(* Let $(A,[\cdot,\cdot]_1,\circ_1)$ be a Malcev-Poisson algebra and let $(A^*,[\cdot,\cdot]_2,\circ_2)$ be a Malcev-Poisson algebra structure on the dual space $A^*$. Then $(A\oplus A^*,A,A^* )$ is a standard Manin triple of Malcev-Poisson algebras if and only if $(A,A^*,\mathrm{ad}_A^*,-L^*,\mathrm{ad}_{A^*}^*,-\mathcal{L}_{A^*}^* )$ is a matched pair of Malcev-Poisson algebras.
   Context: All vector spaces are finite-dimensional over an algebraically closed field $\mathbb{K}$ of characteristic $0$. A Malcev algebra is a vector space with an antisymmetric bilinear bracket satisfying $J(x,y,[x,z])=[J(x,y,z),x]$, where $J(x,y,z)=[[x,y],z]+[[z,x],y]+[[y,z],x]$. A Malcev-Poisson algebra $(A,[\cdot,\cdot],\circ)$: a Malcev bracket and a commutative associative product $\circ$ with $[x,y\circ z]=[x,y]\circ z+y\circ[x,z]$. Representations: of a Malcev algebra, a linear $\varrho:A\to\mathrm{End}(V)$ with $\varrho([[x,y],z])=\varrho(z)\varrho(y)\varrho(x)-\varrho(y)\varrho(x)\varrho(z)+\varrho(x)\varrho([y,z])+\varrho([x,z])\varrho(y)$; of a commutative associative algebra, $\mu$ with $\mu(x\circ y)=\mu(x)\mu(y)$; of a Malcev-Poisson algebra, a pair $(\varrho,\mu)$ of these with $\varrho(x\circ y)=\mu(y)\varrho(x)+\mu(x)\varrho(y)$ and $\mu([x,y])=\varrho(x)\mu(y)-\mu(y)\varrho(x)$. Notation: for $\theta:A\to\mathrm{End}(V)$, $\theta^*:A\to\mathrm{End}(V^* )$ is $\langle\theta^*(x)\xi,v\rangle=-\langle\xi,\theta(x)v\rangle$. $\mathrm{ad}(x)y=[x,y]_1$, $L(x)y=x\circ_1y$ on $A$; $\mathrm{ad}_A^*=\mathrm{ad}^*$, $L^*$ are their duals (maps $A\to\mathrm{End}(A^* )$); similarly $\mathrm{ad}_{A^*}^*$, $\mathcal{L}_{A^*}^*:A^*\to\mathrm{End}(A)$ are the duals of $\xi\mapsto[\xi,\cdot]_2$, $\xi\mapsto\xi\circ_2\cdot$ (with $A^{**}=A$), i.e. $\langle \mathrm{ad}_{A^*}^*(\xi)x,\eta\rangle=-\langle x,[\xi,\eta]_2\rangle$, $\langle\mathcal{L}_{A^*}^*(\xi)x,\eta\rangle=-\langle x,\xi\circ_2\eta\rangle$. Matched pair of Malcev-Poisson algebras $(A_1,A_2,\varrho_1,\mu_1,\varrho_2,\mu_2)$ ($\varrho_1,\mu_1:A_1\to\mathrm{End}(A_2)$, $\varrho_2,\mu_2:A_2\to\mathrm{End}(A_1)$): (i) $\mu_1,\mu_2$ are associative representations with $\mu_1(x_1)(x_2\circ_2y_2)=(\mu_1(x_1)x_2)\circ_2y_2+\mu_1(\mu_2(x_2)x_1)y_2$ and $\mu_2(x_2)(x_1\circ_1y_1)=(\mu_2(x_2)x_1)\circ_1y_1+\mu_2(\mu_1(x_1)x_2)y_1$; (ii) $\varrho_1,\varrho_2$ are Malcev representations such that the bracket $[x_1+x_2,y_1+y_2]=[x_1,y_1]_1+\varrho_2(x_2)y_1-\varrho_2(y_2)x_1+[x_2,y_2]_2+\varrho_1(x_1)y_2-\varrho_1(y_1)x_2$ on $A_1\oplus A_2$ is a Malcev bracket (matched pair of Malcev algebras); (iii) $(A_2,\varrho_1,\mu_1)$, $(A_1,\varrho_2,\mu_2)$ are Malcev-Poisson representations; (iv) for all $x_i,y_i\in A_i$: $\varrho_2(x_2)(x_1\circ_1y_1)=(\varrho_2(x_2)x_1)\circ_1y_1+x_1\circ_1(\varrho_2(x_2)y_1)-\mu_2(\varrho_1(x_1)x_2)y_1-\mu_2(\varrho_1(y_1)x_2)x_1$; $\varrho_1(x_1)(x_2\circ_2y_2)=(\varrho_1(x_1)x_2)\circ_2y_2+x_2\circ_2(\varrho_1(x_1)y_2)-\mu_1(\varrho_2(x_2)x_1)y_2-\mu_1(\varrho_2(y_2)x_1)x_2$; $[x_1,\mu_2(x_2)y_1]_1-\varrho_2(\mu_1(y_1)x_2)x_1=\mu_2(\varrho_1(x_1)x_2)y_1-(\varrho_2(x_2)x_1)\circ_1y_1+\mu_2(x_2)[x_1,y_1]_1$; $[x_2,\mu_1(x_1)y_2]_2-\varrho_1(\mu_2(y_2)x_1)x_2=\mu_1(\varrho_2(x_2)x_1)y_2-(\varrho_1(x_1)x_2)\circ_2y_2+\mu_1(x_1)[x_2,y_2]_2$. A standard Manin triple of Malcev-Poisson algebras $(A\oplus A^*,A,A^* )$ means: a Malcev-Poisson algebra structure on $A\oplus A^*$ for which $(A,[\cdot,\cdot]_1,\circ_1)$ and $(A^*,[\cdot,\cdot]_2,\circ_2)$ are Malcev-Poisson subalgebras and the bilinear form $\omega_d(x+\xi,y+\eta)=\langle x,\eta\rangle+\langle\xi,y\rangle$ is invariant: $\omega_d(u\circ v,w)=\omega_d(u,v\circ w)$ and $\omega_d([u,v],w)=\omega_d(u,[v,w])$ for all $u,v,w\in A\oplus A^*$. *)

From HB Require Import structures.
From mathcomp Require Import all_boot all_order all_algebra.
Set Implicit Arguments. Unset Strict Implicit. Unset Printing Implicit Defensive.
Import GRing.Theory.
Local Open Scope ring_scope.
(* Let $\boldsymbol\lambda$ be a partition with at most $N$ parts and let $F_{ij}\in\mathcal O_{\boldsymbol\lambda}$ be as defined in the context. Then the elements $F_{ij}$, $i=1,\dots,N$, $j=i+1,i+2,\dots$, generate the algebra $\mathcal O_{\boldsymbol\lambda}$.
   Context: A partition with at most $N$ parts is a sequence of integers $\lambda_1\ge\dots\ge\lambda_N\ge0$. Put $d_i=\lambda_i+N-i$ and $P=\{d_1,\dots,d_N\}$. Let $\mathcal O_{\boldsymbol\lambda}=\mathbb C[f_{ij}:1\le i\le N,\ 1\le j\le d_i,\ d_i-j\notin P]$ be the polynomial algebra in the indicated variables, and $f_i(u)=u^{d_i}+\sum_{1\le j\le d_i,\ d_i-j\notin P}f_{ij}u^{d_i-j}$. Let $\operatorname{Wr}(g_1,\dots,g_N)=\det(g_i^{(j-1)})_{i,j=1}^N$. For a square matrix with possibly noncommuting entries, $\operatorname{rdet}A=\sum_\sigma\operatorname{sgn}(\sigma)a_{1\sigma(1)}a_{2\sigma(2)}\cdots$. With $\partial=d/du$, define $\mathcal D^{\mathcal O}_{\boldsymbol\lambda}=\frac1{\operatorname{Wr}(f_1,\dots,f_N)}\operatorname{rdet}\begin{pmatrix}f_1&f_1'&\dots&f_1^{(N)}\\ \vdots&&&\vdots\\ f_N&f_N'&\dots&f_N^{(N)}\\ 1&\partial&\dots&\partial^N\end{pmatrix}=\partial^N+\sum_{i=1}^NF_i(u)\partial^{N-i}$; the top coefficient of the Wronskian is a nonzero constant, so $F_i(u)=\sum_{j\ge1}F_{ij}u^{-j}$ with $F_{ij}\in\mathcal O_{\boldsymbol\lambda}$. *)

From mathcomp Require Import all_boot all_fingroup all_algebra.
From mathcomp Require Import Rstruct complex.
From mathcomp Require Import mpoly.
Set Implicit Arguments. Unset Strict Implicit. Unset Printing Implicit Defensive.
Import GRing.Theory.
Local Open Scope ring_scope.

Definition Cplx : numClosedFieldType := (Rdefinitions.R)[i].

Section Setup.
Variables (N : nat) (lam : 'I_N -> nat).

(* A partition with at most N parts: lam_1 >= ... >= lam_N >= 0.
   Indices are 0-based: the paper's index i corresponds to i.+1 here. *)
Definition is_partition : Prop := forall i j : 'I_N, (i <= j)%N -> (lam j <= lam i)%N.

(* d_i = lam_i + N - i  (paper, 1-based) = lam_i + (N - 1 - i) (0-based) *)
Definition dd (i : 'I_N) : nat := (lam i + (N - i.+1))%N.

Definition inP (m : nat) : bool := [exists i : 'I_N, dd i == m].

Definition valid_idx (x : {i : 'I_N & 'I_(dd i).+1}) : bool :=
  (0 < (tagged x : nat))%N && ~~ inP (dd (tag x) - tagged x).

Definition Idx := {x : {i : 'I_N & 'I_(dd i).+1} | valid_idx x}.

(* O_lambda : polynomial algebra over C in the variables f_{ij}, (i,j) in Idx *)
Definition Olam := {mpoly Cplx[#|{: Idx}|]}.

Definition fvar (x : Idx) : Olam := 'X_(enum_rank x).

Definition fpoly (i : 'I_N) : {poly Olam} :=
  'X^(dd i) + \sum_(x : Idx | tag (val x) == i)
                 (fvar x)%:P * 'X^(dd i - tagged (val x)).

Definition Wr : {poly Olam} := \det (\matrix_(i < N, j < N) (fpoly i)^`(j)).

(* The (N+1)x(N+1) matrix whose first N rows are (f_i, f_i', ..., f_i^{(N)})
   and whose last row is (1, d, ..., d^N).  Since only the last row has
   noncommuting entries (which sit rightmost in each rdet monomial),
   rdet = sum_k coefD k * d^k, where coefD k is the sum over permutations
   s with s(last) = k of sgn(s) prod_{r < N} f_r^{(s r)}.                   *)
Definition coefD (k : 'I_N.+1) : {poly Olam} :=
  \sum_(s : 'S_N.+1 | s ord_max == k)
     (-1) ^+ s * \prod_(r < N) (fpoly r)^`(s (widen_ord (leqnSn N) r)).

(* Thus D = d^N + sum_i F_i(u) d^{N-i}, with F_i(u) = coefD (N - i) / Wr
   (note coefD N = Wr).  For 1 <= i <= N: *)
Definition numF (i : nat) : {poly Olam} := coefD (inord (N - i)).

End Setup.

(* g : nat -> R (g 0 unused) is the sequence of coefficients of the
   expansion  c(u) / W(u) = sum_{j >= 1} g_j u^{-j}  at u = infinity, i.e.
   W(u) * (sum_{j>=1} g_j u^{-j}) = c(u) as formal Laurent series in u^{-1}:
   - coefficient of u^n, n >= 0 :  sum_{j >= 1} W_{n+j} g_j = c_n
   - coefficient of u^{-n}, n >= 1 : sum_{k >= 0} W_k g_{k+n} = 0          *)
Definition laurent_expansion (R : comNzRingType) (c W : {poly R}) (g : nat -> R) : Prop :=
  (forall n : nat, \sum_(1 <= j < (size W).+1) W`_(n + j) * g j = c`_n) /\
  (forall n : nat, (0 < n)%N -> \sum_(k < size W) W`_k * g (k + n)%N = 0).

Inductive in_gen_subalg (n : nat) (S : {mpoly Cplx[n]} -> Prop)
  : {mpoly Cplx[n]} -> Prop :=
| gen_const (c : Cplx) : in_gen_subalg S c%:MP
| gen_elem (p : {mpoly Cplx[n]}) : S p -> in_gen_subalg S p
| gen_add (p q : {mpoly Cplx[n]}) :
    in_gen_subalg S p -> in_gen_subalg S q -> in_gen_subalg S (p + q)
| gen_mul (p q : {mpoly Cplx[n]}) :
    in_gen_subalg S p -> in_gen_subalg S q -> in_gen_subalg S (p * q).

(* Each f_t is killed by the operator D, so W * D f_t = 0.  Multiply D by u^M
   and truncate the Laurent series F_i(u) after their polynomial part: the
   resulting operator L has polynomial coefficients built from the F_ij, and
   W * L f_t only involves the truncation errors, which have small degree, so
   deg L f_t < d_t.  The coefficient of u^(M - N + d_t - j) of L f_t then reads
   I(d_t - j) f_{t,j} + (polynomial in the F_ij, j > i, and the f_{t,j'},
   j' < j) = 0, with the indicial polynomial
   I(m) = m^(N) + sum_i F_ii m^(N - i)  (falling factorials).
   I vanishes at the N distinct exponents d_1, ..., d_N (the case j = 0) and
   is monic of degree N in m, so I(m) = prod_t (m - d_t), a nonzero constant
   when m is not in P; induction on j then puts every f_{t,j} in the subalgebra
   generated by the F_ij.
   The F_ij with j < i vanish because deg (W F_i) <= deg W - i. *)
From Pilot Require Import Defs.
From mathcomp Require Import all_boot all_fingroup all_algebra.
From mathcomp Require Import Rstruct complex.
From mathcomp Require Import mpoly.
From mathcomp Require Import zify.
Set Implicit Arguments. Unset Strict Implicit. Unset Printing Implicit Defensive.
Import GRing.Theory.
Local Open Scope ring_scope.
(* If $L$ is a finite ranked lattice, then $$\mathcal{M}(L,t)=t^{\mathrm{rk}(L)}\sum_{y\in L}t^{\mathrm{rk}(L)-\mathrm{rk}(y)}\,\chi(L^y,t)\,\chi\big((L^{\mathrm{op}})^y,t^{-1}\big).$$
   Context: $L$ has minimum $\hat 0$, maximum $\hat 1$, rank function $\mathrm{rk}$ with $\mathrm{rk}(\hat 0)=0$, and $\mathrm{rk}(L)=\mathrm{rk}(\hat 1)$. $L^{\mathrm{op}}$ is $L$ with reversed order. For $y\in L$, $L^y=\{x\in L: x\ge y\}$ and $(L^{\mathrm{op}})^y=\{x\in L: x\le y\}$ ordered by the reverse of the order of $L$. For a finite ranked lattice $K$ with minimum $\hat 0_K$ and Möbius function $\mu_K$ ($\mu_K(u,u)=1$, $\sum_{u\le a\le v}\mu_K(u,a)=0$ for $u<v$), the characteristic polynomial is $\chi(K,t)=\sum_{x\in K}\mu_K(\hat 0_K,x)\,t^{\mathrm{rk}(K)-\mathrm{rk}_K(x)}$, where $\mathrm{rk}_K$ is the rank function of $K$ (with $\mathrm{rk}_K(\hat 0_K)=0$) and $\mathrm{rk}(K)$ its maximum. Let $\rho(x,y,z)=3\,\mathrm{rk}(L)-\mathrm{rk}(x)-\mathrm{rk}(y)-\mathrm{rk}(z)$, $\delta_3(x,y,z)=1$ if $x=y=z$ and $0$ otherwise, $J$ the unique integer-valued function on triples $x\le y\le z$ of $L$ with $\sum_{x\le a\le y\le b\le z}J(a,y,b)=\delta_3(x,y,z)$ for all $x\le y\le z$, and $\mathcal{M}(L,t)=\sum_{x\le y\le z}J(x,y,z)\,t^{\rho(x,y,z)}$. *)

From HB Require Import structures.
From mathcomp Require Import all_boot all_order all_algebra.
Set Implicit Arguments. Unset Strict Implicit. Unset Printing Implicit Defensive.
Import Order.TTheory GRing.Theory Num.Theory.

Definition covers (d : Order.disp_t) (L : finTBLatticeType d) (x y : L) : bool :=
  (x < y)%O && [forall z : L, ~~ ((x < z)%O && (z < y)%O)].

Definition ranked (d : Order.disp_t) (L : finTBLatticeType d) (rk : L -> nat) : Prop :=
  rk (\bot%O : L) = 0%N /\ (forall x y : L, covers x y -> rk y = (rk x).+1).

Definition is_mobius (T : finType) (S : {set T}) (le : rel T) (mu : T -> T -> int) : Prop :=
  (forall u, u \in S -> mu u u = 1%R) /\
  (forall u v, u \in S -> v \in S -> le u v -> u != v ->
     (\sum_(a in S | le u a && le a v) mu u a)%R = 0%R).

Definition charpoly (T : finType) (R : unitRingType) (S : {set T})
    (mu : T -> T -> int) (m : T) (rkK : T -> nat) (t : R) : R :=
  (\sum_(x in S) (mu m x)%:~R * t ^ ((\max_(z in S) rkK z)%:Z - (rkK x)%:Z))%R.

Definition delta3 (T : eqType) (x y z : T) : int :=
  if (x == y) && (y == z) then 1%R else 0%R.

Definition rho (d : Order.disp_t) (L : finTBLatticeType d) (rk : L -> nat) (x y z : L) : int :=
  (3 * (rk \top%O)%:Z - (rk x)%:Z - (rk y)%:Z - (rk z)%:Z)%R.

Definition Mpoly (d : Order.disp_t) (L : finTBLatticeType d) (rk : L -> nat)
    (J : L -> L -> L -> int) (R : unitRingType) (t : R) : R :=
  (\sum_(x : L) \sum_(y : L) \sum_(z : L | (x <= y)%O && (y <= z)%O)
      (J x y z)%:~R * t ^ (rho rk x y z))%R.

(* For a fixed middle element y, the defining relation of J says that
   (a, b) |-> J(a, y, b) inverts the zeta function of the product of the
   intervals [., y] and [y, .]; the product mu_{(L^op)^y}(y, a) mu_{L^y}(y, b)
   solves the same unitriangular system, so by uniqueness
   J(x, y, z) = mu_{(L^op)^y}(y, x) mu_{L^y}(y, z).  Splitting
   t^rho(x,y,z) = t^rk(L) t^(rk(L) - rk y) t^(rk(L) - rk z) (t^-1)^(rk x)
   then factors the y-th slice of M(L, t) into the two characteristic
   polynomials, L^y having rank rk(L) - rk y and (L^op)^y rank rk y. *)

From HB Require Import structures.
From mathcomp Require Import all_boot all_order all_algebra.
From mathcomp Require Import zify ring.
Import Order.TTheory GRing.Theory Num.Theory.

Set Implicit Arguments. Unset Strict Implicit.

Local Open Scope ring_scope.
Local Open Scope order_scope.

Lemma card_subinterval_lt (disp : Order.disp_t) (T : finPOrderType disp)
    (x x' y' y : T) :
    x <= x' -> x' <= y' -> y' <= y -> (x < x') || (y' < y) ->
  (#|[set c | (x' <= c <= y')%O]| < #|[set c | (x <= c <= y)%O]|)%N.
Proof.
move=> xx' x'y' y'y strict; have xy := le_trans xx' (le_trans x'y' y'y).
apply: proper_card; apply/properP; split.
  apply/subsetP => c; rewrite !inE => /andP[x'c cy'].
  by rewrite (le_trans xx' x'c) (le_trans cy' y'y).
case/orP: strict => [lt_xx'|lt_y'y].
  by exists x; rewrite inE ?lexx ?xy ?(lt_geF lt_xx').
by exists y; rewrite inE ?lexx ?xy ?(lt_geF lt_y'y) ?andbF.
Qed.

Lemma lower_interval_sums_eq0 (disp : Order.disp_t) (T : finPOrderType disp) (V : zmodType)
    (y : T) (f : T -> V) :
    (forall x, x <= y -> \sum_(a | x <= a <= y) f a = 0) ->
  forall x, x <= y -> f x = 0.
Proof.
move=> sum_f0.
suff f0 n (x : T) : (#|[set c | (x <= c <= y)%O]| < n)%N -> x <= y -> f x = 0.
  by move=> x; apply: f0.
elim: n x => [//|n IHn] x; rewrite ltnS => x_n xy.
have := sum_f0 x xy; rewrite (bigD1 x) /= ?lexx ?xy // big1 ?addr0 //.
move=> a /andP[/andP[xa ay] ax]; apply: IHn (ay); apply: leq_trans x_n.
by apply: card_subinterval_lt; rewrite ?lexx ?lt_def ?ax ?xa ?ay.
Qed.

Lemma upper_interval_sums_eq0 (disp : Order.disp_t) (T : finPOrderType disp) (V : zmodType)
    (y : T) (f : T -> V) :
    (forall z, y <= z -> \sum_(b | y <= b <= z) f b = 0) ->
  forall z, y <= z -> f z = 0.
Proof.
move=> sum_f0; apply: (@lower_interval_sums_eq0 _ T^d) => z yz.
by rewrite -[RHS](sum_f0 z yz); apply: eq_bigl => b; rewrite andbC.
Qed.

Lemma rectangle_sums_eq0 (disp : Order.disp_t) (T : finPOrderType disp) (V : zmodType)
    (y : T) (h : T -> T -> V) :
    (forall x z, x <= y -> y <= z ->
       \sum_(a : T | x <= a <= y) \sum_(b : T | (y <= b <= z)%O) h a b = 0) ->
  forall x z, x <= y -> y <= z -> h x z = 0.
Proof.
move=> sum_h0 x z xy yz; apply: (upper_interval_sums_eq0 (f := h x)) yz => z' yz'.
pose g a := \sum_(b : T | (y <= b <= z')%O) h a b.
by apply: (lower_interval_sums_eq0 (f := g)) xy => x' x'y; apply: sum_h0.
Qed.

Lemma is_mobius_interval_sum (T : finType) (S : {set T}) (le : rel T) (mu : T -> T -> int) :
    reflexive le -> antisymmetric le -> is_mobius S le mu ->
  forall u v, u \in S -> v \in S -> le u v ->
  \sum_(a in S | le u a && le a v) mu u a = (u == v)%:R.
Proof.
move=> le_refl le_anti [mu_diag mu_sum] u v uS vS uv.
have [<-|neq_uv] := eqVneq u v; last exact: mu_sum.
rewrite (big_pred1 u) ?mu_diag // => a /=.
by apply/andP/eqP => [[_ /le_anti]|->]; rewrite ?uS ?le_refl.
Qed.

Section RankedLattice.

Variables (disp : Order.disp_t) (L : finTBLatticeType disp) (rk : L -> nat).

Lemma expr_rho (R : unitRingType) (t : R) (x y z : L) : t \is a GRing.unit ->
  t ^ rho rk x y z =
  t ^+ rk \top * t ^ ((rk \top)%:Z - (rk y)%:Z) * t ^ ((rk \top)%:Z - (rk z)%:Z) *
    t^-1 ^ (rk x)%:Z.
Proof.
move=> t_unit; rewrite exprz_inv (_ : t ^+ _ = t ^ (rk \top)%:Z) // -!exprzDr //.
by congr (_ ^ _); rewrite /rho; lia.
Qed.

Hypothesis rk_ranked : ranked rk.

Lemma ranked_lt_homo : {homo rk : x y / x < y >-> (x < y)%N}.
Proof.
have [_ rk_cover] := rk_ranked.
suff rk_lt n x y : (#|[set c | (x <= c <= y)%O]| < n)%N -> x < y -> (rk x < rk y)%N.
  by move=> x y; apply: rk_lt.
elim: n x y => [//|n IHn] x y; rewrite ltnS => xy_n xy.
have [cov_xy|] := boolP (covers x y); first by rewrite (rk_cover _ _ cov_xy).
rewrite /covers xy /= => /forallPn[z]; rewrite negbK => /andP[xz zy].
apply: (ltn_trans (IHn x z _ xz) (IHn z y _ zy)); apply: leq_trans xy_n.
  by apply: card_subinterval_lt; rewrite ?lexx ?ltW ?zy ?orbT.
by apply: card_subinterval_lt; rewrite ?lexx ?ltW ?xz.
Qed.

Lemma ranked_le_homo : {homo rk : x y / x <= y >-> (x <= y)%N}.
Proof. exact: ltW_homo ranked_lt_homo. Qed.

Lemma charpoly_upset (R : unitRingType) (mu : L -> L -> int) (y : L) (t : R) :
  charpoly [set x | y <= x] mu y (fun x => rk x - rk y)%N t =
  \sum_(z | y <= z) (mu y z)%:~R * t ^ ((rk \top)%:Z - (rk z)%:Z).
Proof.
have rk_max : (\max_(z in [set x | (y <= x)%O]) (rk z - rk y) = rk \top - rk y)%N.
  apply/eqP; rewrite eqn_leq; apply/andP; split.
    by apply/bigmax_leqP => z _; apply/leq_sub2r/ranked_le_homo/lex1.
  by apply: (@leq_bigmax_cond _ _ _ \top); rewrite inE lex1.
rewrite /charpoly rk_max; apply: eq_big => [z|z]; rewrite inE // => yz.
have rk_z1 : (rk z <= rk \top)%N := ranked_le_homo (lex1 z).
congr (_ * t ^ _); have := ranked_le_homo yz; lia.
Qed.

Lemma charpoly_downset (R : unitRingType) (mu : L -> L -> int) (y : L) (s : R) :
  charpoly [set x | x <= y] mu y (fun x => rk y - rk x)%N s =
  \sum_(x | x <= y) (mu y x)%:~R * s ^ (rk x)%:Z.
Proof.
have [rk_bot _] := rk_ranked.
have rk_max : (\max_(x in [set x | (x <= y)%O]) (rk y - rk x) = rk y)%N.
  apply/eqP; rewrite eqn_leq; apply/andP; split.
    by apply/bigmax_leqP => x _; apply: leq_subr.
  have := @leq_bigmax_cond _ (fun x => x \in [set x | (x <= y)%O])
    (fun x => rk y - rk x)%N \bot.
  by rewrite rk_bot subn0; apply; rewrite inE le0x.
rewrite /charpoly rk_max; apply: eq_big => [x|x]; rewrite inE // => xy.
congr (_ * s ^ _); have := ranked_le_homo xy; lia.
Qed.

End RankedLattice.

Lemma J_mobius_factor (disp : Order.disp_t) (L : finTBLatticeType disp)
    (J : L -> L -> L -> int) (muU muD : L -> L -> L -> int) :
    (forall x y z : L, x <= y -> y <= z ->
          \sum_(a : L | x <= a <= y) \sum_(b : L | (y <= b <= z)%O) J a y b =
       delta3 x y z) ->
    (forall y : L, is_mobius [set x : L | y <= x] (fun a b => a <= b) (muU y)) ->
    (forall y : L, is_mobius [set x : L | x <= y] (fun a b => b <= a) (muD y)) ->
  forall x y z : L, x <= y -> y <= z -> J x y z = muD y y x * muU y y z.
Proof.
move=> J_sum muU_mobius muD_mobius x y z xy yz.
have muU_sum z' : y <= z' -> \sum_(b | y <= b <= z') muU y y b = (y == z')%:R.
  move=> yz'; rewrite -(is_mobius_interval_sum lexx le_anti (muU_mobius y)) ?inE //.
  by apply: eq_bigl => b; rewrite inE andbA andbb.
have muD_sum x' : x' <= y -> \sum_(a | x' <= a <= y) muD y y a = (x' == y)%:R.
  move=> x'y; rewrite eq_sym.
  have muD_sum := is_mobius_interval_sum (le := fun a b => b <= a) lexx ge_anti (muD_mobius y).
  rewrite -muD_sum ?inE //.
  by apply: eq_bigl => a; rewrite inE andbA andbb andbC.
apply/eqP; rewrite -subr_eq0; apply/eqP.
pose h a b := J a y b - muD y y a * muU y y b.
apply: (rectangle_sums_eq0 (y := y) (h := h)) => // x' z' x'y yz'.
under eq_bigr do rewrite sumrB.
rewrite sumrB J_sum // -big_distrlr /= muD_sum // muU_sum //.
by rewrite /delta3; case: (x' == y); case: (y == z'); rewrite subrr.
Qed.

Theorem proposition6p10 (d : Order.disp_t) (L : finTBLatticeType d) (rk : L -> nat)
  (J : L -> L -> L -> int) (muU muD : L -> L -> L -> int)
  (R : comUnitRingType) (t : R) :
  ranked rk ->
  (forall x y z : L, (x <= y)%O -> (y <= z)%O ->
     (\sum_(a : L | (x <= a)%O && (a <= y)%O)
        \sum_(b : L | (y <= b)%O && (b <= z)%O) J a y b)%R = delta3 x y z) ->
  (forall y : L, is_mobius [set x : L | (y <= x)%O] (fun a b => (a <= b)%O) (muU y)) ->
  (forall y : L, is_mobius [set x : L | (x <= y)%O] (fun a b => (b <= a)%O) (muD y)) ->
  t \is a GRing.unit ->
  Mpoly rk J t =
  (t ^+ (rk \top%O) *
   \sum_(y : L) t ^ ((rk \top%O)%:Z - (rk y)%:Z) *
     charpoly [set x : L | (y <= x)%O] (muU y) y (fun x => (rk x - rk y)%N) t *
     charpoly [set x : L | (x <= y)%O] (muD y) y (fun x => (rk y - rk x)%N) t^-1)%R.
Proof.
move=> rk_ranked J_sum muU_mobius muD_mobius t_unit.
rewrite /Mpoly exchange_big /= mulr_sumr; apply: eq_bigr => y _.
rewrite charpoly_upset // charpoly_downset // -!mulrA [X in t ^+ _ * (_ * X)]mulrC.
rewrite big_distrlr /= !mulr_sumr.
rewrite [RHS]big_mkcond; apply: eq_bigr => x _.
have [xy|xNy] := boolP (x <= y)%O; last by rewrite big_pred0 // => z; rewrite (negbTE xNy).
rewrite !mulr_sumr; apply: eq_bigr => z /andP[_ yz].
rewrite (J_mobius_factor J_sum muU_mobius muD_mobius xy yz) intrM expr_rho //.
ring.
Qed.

::::::

Problem requirements: Using the listing, copy every line where the word "size" shows up.

Answer to this problem:
  (forall n : nat, \sum_(1 <= j < (size W).+1) W`_(n + j) * g j = c`_n) /\
  (forall n : nat, (0 < n)%N -> \sum_(k < size W) W`_k * g (k + n)%N = 0).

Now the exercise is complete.